Thursday, Newt Gingrich—who’s reportedly being considered for Trump’s Secretary of State—admitted the president-elect’s promise to get Mexico to pay for it may have been a “campaign device.”

“He may not spend much time trying to get Mexico to pay for it,” Gingrich said. “But it was a great campaign device.”

3. End the ‘war on coal.’

One of the major Trump pledges through the Rust Belt during the campaign was to “end the war on coal.” And likewise, in its 2016 GOP platform, the Republican party vowed to restore coal jobs, dismissing clean energy as part of President Obama’s “war on coal”:

“The Democratic Party does not understand that coal is an abundant, clean, affordable, reliable domestic energy resource. Those who mine it and their families should be protected from the Democratic Party’s radical anti-coal agenda.”

But now it looks like Republican Party leaders recognize that bringing coal jobs back is not so simple. Sen. Majority Leader Mitch McConnell told the Lexington Herald-Leader on Friday that it’s “hard to tell” if the government will be able to expand the coal industry in a meaningful way.

“We are going to be presenting to the new president a variety of options that could end this assault,” McConnell said. “Whether that immediately brings business back is hard to tell because it’s a private sector activity.”

“A government spending program is not likely to solve the fundamental problem of growth,” McConnell added. “I support the effort to help these coal counties wherever we can, but that isn’t going to replace whatever was there when we had a vibrant coal industry.”

4. Deport illegal immigrants through mass deportations.

Illegal immigration was another cornerstone of Trump’s campaign. In an interview with CBS’s Scott Pelley last year, Trump talked mass deportation:

Trump: If they’ve done well, they’re going out and they’re coming back in legally. Because you said it….

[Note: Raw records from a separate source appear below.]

Lemma atomicC S : atomic S -> atomic (~` S).
Proof. by move=> aS x y sxy nSx Sy; apply: nSx; exact: aS Sy. Qed.

Lemma atomicU S S' : atomic S -> atomic S' -> atomic (S `|` S').
Proof. by move=> aS aS' x y sxy [Sx|S'x]; [left; exact: aS Sx|right; exact: aS' S'x]. Qed.

Lemma atomicI S S' : atomic S -> atomic S' -> atomic (S `&` S').
Proof. by move=> aS aS' x y sxy [Sx S'x]; split; [exact: aS Sx|exact: aS' S'x]. Qed.

Lemma atomic_bigcap (K : Type) (S : K -> set R) :
  (forall k, atomic (S k)) -> atomic (\bigcap_k S k).
Proof. by move=> aS x y sxy Sx k _; apply: aS sxy (Sx k _). Qed.

Lemma piecewise_chi_atomic F (K : Type) (W : K -> set R) (s : K -> R * R) :
  (forall t, ival (B t)) -> (forall k, atomic (W k)) ->
  (forall k x, W k x -> F x = chi (s k) x) ->
  piecewise_chi F (\bigcup_k W k).
Proof.
move=> iB aW Fs; set S := \bigcup_k W k.
pose I f := [set x | S x /\ signature x = f].
have tent f : exists t, forall x, I f x -> F x = chi t x.
  have [[x [[k _ Wkx] sx]]|noI] := pselect (exists x, I f x).
    by exists (s k) => y [_ sy]; apply: Fs; apply: aW Wkx; rewrite sx sy.
  by exists 0 => y Iy; case: noI; exists y.
have [tau tauP] := choice tent.
apply: (piecewise_chi_fintype (I := I) (tau := tau)); split=> //.
- move=> f x y z [[k _ Wkx] sx] [_ sy] xz zy.
  have sz : signature z = f := ival_signature iB sx sy xz zy.
  by split=> //; exists k => //; apply: aW Wkx; rewrite sx sz.
- move=> f f' ff'; apply/seteqP; split=> // x [[_ sx] [_ sx']].
  by move: ff'; rewrite -sx -sx' eqxx.
- by apply/seteqP; split=> [x Sx|x [f _ [Sx _]]] //; exists (signature x).
Qed.

End Atoms.

Section Star.
Variables (R : realType) (n : nat) (X : 'I_n -> set R) (g : 'I_n -> R -> R).
Variables (T : 'I_n -> finType) (part : forall j, T j -> set R).
Variable tau : forall j, T j -> R * R.
Arguments part : clear implicits.
Arguments tau : clear implicits.
Hypothesis gP : forall j, chi_partition (g j) (X j) (part j) (tau j).

Local Notation combination := {dffun forall j, T j}.
Implicit Types k l : combination.

Definition piece k j : set R := part j (k j).

Definition piece_sum k : set R := minkowski_sum (piece k).

Lemma ival_piece k j : ival (piece k j).
Proof. by have [iI _ _ _] := gP j; exact: iI. Qed.

Definition top k : R * R :=
  sval (cid (star_tent_bounds (fun j => tau j (k j)) (@ival_piece k))).

Lemma topP k z : piece_sum k z ->
  (forall x, feasible (piece k) z x -> \sum_j chi (tau j (k j)) (x j) <= chi (top k) z) /\
  (forall e, 0 < e -> exists2 x, feasible (piece k) z x &
     chi (top k) z - e < \sum_j chi (tau j (k j)) (x j)).
Proof. exact: (svalP (cid (star_tent_bounds _ (@ival_piece k)))). Qed.

Lemma piece_sub k j x : piece k j x -> X j x.
Proof. by move=> kx; have [_ _ -> _] := gP j; exists (k j); last exact: kx. Qed.

Lemma sum_g_piece k x : (forall j, piece k j (x j)) ->
  \sum_j g j (x j) = \sum_j chi (tau j (k j)) (x j).
Proof.
by move=> kx; apply: eq_bigr => j _; have [_ _ _ gE] := gP j; exact: gE (kx j).
Qed.

Lemma exists_combination x : (forall j, X j (x j)) ->
  exists k : combination, forall j, piece k j (x j).
Proof.
move=> Xx; have ex j : exists i, part j i (x j).
  by have [_ _ XE _] := gP j; move: (Xx j); rewrite XE => -[i _ Ix]; exists i.
exists [ffun j => sval (cid (ex j))] => j.
by rewrite /piece ffunE; exact: (svalP (cid (ex j))).
Qed.

Definition dominated k l : set R := [set z | chi (top l) z <= chi (top k) z].

Definition envelope k : set R :=
  piece_sum k `&` \bigcap_l (~` piece_sum l `|` dominated k l).

Lemma star_envelope k z : envelope k z -> star g X z = chi (top k) z.
Proof.
move=> [kz dom]; apply: sup_eq_approx.
  move=> _ [x [Xx xz] <-]; have [l lx] := exists_combination Xx.
  have lz : piece_sum l z by exists x.
  rewrite (sum_g_piece lx); apply: le_trans ((topP lz).1 x (conj lx xz)) _.
  by case: (dom l I).
move=> e e0; have [x [kx xz] lt_e] := (topP kz).2 e e0.
exists (\sum_j g j (x j)); last by rewrite (sum_g_piece kx).
by exists x => //; split=> // j; exact: piece_sub (kx j).
Qed.

Lemma minkowski_sum_envelope : minkowski_sum X = \bigcup_k envelope k.
Proof.
apply/seteqP; split=> z; last first.
  by move=> [k _ [[x [kx xz]] _]]; exists x; split=> // j; exact: piece_sub (kx j).
move=> [x [Xx xz]]; have [k0 k0x] := exists_combination Xx.
have k0z : `[< piece_sum k0 z >] by apply/asboolP; exists x.
have [k /asboolP kz kmax] :=
  arg_maxP (i0 := k0) (P := fun k => `[< piece_sum k z >]) (fun k => chi (top k) z) k0z.
exists k => //; split=> // l _.
by have [lz|] := pselect (piece_sum l z); [right; apply/kmax/asboolP|left].
Qed.

Definition generator (t : combination + combination * combination) : set R :=
  match t with inl k => piece_sum k | inr kl => dominated kl.1 kl.2 end.

Lemma atomic_envelope k : atomic generator (envelope k).
Proof.
apply: atomicI; first exact: (atomic_generator (B := generator) (t := inl k)).
apply: atomic_bigcap => l; apply: atomicU.
  by apply: atomicC; exact: (atomic_generator (B := generator) (t := inl l)).
exact: (atomic_generator (B := generator) (t := inr (k, l))).
Qed.

Lemma piecewise_chi_star : piecewise_chi (star g X) (minkowski_sum X).
Proof.
rewrite minkowski_sum_envelope; apply: (piecewise_chi_atomic (B := generator)).
- case=> [k|[k l]]; last exact: ival_chi_le.
  by apply: ival_minkowski_sum => j; exact: ival_piece.
- exact: atomic_envelope.
- exact: star_envelope.
Qed.

End Star.

Theorem proposition2 (R : realType) (n : nat) (X : 'I_n -> set R)
    (g : 'I_n -> R -> R) :
  (forall j, fin_union_closed_intervals (X j)) ->
  (forall j, piecewise_chi (g j) (X j)) ->
  piecewise_chi (star g X) (minkowski_sum X).
Proof.
(* [star] is a supremum. *)
move=> _ gP.
have /choice[p pP] : forall j, exists p : {m : nat & ('I_m -> set R) * ('I_m -> R * R)},
    chi_partition (g j) (X j) (projT2 p).1 (projT2 p).2.
  by move=> j; have [m [I [tau h]]] := gP j; exists (existT _ m (I, tau)).
exact: (piecewise_chi_star (T := fun j => 'I_(projT1 (p j))) pP).
Qed.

Pelley: You’re rounding them all up?

Trump: We’re rounding ’em up in a very humane way, in a very nice way. And they’re going to be happy because they want to be legalized. And, by the way, I know it doesn’t sound nice. But not everything is nice.

Republican National Committee Chairman Reince Priebus Wednesday said Trump is no longer calling for “mass deportation,” and is instead calling for the deportation of criminals.

“He’s not calling for mass deportation,” Priebus said on MSNBC’s “Morning Joe.” “He said, ‘No, only people who have committed crimes.’ And then only until all of that is taken care of will we look at what we are going to do next.”